Look below for the line holding "fold_right (fun a" and the line holding "Forall (fun a". Repeat those two and everything between, exactly.

*** Input ***

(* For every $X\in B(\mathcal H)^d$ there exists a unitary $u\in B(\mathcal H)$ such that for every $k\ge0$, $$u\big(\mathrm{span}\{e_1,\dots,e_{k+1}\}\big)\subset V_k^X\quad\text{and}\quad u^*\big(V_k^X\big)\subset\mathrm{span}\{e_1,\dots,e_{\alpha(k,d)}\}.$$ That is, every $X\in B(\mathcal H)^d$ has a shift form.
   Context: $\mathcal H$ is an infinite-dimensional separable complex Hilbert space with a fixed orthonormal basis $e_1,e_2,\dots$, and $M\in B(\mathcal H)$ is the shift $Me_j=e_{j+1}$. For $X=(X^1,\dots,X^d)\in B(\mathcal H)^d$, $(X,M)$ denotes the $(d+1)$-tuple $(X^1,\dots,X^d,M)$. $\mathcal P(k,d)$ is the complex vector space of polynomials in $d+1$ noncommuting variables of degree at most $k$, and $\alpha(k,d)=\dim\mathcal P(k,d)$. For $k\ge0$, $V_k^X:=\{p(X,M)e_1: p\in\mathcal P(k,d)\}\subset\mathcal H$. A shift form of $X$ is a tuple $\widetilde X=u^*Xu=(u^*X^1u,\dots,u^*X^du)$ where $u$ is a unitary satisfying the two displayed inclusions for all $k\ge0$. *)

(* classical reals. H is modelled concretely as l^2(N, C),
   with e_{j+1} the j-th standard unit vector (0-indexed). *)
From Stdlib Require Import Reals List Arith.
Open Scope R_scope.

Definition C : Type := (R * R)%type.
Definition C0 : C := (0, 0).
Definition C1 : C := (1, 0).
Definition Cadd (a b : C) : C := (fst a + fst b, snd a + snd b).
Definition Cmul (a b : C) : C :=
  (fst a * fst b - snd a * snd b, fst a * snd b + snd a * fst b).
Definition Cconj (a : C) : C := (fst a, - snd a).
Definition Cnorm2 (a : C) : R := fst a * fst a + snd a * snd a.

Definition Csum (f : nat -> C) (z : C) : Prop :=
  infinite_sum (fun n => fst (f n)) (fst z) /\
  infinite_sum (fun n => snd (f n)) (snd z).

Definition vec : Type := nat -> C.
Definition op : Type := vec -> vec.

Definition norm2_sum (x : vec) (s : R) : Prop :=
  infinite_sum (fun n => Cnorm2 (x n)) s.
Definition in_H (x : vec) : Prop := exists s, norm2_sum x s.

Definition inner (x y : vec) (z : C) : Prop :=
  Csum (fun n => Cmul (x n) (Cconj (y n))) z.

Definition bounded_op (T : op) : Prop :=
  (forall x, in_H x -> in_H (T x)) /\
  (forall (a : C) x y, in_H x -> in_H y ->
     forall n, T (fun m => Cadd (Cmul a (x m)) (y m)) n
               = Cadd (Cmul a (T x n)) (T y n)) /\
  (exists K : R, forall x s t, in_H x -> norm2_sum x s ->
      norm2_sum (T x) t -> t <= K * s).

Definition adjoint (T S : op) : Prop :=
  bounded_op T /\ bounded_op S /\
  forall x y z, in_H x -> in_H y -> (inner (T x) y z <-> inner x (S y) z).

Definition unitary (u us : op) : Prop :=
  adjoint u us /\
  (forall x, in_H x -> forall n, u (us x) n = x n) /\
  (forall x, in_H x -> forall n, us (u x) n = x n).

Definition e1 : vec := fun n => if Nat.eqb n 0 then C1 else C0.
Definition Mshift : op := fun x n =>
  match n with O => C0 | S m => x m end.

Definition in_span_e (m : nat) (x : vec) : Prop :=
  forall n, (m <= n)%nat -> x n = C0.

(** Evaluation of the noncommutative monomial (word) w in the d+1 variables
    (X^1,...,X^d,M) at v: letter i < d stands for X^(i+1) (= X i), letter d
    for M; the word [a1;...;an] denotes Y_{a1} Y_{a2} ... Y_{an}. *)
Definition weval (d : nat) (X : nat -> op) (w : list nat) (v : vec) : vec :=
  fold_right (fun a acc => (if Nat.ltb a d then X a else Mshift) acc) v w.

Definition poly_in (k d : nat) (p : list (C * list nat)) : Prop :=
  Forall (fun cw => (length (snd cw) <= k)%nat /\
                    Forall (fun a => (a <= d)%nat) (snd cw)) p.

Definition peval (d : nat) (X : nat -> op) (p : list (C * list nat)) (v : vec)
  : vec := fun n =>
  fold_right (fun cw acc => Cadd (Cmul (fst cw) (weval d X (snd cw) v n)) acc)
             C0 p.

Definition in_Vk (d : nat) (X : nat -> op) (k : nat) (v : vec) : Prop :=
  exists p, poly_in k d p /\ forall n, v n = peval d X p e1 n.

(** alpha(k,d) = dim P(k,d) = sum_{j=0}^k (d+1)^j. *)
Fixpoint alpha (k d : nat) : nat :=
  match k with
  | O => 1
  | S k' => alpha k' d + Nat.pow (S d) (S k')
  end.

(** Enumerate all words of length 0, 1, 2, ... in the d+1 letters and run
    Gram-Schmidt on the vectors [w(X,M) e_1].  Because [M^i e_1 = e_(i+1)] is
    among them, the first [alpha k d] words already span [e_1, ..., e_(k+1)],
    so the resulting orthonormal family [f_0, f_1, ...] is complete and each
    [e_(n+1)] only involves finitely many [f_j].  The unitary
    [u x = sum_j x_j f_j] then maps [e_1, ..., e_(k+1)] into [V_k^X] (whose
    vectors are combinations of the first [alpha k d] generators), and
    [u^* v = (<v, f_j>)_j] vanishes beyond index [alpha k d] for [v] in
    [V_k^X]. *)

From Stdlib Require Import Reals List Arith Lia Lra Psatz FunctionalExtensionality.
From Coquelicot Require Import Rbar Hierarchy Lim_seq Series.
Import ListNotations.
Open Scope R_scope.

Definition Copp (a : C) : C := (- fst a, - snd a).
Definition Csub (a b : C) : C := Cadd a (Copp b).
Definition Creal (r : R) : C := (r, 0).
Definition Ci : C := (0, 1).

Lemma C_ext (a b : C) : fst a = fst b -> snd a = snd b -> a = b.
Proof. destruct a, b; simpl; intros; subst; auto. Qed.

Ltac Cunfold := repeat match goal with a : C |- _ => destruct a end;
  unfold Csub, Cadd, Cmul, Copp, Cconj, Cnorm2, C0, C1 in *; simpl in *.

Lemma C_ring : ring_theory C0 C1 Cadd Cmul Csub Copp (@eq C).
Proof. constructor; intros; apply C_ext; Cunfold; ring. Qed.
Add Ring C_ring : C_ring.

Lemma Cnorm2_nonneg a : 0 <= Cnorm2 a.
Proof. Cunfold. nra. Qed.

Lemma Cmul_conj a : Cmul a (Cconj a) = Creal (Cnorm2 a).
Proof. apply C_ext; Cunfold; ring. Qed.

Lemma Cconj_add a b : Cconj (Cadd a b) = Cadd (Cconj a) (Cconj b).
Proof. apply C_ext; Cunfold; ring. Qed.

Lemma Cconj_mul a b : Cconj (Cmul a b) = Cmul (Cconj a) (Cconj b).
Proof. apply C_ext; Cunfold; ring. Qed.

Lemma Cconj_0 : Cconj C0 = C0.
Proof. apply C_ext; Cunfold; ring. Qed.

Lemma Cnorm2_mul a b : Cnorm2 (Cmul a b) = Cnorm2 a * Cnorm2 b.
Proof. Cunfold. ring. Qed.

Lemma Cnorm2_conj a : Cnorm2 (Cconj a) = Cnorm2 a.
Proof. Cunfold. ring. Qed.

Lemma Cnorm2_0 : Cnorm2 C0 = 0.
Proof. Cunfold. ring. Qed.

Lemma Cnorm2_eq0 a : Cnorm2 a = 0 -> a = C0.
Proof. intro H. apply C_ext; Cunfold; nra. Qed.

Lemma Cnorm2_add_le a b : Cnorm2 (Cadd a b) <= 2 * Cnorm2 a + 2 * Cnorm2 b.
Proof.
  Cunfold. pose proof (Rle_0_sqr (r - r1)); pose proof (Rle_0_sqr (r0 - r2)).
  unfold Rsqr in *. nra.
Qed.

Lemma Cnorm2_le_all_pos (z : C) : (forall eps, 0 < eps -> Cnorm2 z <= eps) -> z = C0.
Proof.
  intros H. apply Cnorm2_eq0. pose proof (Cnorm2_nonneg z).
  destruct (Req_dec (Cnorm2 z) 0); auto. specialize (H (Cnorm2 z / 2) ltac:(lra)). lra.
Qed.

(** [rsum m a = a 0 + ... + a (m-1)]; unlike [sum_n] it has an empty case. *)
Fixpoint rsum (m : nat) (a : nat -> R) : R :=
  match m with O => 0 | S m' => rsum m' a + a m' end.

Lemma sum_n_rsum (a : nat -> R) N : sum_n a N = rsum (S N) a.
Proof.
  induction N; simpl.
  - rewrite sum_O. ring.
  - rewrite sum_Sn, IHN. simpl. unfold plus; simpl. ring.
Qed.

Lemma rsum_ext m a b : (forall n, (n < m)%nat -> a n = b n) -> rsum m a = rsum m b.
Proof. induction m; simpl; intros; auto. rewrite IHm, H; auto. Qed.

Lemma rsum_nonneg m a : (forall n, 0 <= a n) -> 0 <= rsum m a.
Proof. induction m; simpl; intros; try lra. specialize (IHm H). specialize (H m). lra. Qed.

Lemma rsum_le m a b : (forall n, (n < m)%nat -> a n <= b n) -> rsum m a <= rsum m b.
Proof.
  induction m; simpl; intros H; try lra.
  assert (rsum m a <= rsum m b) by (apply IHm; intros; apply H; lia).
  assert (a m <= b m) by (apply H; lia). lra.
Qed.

*** End of Input ***

§ **Problem solution**
  fold_right (fun a acc => (if Nat.ltb a d then X a else Mshift) acc) v w.

Definition poly_in (k d : nat) (p : list (C * list nat)) : Prop :=
  Forall (fun cw => (length (snd cw) <= k)%nat /\
                    Forall (fun a => (a <= d)%nat) (snd cw)) p.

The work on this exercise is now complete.